PROBLEM TO SOLVE
Starting at the line with "move=> k_lt; rewrite" and going on through the line with "by rewrite i1E ltn_ord mxE cast_ord_id.", reproduce each line in the records below exactly and nothing more.

--- START ---

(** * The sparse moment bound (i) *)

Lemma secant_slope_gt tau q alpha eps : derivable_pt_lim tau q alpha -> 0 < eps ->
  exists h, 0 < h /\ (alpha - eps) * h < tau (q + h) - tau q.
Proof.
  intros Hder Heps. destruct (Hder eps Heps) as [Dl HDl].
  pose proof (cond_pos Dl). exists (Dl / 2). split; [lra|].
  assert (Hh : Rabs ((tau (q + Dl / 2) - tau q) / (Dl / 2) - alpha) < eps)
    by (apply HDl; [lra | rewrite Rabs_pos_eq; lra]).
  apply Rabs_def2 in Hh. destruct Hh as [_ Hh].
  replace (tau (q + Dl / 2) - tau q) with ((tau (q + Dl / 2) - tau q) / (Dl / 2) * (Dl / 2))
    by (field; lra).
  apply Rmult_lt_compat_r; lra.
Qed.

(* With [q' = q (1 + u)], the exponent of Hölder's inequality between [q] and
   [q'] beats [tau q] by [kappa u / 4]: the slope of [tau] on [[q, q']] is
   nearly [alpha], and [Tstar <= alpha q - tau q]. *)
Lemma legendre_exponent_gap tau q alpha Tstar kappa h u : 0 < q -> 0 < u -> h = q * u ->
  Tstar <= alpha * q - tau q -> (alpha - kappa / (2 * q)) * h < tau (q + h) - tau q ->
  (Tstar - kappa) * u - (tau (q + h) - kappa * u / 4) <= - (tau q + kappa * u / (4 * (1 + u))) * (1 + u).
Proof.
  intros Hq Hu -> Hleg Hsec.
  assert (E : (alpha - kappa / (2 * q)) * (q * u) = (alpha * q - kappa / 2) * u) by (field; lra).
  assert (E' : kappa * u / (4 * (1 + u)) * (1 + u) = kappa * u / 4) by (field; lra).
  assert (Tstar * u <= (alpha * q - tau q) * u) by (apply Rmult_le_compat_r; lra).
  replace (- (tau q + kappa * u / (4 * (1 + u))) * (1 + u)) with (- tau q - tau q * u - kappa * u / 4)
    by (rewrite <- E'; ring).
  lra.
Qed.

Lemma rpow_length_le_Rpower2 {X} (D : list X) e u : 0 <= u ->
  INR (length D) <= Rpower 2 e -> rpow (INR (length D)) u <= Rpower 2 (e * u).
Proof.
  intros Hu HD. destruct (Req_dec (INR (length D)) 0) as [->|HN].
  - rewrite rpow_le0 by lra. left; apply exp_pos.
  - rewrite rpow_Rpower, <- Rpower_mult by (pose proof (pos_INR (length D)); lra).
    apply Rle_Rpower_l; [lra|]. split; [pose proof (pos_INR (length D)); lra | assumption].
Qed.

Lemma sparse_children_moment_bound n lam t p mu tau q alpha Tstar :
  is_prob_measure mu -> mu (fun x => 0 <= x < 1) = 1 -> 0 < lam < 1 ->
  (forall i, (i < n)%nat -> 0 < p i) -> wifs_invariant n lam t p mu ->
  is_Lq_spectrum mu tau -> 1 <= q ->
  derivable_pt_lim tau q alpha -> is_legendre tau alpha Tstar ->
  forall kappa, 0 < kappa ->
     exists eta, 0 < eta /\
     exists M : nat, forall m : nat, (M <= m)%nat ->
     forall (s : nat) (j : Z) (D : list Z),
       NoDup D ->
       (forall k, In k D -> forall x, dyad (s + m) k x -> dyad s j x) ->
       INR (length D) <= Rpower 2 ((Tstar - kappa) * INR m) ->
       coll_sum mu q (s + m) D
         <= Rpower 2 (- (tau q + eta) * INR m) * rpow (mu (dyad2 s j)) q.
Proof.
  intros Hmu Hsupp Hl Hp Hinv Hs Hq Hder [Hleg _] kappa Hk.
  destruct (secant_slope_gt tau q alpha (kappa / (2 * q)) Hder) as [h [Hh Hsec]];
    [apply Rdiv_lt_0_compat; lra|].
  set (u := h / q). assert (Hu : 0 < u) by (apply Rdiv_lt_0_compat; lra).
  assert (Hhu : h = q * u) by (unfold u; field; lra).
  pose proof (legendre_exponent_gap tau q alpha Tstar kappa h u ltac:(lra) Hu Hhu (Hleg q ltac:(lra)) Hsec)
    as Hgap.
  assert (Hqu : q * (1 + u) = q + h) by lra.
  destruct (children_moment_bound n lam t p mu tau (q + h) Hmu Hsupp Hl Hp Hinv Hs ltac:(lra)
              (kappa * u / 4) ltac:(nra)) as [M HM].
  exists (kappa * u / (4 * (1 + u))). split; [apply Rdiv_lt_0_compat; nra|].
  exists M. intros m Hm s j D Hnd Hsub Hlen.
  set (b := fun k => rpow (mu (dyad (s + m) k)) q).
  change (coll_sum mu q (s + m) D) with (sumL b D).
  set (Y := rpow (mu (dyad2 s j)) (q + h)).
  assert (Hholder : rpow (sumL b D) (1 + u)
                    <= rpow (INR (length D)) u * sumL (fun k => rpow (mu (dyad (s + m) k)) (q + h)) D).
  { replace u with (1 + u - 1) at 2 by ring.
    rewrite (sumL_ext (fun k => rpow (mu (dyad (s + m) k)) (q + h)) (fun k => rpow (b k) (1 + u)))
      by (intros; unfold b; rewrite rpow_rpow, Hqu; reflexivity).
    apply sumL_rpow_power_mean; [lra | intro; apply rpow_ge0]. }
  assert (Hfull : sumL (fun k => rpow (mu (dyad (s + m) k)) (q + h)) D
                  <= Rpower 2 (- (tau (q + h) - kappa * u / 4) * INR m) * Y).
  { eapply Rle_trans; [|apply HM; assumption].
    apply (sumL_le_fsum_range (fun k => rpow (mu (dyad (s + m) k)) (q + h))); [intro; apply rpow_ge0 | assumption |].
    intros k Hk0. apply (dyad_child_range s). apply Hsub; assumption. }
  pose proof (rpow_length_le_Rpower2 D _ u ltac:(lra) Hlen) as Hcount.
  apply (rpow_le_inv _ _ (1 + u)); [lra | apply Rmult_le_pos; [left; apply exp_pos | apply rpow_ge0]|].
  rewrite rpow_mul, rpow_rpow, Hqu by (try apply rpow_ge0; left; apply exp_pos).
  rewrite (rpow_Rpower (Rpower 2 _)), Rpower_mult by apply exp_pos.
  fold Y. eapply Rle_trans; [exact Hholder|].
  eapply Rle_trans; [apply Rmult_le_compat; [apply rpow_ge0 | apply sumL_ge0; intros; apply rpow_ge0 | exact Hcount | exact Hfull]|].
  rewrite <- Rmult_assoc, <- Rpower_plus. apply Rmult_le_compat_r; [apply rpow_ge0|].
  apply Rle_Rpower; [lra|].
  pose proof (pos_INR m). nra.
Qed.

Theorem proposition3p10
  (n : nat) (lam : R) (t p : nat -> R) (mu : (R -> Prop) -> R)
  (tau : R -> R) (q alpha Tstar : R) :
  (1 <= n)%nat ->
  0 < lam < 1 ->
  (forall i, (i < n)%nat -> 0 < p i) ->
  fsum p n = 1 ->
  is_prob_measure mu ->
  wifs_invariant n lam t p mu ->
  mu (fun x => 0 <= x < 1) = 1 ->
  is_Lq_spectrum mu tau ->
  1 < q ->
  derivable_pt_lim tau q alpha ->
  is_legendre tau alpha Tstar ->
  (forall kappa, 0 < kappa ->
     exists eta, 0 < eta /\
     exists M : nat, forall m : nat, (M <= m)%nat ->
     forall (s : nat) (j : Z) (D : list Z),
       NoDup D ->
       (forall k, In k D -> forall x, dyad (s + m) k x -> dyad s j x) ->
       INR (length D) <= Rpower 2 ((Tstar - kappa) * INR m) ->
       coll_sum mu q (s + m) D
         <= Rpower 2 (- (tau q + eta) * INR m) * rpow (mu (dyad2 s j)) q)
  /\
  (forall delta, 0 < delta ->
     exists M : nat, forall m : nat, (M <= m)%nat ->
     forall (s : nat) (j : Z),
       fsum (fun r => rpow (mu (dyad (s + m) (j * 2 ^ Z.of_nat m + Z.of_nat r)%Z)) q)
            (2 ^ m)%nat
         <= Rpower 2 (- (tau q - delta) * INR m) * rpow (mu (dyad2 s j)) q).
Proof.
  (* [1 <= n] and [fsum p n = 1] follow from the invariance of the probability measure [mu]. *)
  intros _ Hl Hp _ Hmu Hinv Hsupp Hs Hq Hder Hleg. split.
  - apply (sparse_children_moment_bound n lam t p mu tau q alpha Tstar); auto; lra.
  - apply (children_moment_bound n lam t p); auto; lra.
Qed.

--- END ---
--- START ---

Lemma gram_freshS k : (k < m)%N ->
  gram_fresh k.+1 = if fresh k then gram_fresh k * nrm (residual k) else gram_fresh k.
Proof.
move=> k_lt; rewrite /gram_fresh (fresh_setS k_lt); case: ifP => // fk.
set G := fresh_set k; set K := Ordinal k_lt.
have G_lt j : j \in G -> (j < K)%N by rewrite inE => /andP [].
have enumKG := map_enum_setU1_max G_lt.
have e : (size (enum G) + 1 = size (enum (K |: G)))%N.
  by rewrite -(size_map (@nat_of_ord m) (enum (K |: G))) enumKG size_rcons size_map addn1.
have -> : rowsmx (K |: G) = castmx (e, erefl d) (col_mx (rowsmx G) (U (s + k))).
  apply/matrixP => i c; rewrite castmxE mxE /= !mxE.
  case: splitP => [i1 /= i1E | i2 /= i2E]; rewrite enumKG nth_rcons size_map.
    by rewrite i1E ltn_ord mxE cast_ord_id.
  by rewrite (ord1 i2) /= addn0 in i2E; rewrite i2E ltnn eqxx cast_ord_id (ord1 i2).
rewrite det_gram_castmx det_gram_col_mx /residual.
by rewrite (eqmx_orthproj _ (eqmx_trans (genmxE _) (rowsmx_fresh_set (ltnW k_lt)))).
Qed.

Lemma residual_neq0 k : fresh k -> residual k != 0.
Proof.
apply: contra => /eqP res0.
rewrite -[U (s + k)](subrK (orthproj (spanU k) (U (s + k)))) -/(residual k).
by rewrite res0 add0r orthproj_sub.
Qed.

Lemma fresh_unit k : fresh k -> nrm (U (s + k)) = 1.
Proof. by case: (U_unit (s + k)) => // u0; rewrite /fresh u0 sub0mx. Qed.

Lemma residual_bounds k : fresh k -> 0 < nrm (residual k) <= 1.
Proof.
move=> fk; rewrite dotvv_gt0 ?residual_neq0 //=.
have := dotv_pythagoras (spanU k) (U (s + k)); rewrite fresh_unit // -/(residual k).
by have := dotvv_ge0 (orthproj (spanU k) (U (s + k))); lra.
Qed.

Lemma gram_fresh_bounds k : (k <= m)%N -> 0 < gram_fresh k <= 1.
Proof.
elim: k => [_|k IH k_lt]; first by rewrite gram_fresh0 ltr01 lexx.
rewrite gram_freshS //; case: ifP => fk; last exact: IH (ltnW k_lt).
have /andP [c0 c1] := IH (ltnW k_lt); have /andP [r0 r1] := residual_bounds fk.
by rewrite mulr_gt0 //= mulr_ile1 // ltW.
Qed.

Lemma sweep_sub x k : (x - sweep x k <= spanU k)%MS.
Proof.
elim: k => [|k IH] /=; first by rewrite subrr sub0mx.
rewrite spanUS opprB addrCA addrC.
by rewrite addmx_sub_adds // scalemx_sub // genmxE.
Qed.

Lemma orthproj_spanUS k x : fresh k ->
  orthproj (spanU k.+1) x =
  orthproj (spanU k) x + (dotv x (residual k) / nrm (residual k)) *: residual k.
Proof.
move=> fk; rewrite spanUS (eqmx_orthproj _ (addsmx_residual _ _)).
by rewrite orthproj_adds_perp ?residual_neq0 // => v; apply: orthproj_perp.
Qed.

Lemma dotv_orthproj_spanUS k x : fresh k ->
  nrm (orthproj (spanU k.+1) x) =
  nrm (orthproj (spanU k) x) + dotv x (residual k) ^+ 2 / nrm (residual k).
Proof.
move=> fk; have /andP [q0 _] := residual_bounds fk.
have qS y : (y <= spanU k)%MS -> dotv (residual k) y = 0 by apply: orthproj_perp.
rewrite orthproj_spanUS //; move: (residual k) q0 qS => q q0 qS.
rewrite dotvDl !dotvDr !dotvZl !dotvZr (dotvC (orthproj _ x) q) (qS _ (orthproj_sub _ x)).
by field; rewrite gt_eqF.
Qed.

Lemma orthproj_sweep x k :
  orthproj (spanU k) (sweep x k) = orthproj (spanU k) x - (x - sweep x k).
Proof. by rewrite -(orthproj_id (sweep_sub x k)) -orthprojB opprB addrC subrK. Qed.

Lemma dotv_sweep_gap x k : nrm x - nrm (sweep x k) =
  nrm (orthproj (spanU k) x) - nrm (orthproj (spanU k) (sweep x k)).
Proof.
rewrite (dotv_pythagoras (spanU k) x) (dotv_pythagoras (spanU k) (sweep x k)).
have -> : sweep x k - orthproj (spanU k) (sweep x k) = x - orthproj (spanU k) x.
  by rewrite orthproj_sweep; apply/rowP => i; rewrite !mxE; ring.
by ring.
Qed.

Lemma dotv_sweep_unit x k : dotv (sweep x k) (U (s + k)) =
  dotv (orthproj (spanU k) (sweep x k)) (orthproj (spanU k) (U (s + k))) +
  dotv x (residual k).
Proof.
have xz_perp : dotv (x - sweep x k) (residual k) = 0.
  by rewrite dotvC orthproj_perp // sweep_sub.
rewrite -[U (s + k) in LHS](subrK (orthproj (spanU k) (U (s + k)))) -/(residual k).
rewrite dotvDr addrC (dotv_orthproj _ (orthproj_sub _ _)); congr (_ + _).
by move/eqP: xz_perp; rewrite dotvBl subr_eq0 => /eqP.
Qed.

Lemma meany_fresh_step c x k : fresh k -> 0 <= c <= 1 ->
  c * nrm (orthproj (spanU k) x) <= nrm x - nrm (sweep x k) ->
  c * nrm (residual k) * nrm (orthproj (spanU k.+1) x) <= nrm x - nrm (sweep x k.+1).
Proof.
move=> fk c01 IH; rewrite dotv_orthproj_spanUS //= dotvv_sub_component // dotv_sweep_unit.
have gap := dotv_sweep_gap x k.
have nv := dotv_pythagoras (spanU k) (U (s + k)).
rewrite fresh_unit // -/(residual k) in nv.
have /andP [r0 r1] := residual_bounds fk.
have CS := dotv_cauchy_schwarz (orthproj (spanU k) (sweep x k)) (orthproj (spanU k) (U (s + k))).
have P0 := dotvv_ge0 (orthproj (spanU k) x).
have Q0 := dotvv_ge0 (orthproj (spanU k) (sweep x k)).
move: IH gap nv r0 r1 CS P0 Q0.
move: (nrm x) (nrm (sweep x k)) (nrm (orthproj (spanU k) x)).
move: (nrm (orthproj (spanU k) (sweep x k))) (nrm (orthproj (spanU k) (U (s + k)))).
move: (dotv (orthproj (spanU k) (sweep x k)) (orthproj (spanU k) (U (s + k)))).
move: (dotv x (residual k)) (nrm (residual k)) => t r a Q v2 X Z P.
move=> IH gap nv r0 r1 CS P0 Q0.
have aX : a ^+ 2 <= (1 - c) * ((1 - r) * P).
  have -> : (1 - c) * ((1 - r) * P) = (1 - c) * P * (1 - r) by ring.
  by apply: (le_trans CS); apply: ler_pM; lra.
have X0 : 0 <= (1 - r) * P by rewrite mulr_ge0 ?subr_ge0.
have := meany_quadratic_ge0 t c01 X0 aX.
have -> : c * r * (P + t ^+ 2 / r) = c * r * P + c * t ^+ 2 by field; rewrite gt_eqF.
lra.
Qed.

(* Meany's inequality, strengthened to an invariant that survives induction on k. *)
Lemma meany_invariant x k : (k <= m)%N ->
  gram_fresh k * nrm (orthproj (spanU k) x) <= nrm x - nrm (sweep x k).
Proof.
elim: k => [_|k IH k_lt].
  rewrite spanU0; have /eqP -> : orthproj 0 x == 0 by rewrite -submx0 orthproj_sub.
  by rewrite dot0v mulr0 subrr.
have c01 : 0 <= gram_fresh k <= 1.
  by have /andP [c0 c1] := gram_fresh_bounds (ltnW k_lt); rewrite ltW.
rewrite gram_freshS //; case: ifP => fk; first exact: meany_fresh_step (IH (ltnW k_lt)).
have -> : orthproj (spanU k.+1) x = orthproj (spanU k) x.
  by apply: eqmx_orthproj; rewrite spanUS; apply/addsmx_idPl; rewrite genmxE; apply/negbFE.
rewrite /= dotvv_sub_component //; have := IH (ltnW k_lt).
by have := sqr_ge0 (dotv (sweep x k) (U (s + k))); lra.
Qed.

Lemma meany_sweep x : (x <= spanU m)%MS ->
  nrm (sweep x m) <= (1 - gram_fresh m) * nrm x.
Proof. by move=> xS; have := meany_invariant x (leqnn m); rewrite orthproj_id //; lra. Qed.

--- END ---

RESULT BELOW
move=> k_lt; rewrite /gram_fresh (fresh_setS k_lt); case: ifP => // fk.
set G := fresh_set k; set K := Ordinal k_lt.
have G_lt j : j \in G -> (j < K)%N by rewrite inE => /andP [].
have enumKG := map_enum_setU1_max G_lt.
have e : (size (enum G) + 1 = size (enum (K |: G)))%N.
  by rewrite -(size_map (@nat_of_ord m) (enum (K |: G))) enumKG size_rcons size_map addn1.
have -> : rowsmx (K |: G) = castmx (e, erefl d) (col_mx (rowsmx G) (U (s + k))).
  apply/matrixP => i c; rewrite castmxE mxE /= !mxE.
  case: splitP => [i1 /= i1E | i2 /= i2E]; rewrite enumKG nth_rcons size_map.
    by rewrite i1E ltn_ord mxE cast_ord_id.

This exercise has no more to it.